Data items
============

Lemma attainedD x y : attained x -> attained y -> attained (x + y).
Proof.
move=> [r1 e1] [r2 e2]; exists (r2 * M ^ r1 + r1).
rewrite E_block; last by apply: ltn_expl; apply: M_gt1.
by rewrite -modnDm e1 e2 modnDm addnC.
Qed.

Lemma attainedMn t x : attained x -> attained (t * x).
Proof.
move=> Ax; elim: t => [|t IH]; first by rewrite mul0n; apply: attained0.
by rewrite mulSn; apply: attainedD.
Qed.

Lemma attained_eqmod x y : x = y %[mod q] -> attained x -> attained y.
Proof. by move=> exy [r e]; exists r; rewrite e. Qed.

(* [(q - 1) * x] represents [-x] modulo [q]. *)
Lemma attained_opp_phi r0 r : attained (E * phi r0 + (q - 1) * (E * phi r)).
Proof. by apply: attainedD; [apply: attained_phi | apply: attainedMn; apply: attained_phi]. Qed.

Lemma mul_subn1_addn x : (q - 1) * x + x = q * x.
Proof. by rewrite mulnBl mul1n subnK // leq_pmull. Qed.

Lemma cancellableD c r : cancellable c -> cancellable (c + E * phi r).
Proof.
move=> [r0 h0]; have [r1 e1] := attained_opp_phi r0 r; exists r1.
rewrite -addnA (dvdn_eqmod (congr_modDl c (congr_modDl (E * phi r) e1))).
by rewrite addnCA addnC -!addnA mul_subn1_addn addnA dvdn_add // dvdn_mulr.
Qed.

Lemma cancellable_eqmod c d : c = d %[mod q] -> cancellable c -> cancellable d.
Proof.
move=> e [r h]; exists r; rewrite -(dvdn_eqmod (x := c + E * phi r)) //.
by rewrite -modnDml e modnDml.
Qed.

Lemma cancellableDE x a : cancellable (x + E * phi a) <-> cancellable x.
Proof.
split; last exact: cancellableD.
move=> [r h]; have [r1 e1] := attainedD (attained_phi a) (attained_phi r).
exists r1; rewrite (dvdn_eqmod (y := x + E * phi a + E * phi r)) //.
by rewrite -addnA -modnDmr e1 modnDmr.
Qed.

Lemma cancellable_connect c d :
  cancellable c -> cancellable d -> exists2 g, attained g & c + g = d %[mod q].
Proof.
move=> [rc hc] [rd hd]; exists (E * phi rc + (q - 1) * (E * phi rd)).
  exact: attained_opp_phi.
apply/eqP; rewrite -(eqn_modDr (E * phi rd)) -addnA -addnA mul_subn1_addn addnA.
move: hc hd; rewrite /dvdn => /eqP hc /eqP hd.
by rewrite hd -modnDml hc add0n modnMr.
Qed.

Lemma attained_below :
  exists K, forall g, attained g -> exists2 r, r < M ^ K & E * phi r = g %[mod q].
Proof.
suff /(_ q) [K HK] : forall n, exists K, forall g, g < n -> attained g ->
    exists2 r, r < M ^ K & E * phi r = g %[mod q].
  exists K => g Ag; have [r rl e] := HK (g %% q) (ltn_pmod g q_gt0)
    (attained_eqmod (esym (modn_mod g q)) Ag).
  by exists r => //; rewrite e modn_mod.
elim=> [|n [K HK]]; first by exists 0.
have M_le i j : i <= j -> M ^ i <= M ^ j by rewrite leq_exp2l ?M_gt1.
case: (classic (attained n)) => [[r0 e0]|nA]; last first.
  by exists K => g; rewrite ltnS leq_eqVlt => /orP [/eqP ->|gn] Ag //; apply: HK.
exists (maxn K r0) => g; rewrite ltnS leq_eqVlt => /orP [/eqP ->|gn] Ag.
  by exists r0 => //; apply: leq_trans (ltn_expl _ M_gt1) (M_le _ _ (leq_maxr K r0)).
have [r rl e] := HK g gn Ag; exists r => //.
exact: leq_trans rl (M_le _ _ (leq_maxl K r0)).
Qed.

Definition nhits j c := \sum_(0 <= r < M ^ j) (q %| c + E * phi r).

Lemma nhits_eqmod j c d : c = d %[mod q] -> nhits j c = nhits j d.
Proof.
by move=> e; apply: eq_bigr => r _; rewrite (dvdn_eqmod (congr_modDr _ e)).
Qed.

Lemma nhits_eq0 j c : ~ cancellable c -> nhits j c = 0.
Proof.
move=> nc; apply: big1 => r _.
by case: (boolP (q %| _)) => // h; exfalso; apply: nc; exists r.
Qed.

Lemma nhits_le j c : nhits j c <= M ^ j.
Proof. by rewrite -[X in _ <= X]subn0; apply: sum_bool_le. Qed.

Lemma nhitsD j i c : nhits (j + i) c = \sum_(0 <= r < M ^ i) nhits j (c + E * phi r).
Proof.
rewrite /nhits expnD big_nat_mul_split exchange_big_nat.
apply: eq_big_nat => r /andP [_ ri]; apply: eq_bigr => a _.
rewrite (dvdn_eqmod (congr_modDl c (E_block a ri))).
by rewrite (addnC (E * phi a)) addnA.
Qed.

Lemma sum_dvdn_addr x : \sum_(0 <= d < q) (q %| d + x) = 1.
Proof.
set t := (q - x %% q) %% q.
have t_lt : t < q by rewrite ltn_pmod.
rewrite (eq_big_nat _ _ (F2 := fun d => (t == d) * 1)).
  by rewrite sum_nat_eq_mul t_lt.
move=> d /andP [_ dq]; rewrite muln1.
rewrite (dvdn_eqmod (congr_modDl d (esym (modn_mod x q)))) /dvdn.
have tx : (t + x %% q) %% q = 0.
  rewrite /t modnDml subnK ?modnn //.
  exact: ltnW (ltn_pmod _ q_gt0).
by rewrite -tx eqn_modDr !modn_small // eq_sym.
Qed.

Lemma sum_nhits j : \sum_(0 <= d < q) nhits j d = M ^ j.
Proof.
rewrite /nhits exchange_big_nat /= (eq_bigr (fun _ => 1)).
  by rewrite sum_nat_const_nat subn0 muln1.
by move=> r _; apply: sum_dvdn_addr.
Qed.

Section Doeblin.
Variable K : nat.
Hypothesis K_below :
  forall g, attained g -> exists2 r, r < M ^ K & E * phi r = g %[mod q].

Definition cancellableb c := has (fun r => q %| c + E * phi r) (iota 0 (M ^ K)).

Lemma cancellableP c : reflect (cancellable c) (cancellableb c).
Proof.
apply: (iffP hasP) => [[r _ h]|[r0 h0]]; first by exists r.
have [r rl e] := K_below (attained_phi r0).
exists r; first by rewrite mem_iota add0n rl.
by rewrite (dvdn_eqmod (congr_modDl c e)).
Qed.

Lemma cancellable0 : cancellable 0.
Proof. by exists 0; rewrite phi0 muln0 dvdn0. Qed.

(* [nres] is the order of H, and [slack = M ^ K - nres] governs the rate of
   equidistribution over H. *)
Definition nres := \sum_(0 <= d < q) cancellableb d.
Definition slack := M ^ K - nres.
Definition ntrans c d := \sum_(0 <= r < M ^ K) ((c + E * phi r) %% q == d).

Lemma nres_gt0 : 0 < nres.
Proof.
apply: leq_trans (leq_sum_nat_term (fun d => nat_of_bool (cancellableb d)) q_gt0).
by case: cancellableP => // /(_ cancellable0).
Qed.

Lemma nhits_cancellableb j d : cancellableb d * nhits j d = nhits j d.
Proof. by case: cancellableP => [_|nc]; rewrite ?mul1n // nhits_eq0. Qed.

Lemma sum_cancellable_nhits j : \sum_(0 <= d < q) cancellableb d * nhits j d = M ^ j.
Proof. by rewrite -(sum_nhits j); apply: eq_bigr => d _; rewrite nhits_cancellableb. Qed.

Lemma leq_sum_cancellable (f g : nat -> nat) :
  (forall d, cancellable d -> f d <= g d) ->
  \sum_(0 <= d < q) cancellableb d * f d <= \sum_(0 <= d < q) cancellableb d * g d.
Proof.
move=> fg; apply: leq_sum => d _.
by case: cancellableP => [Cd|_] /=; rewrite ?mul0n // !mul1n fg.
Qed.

============

- _THE PROBLEM_
Within the entries, count the lines containing the string "esym" and state nothing but the result.

- _ANSWER SPACE_
2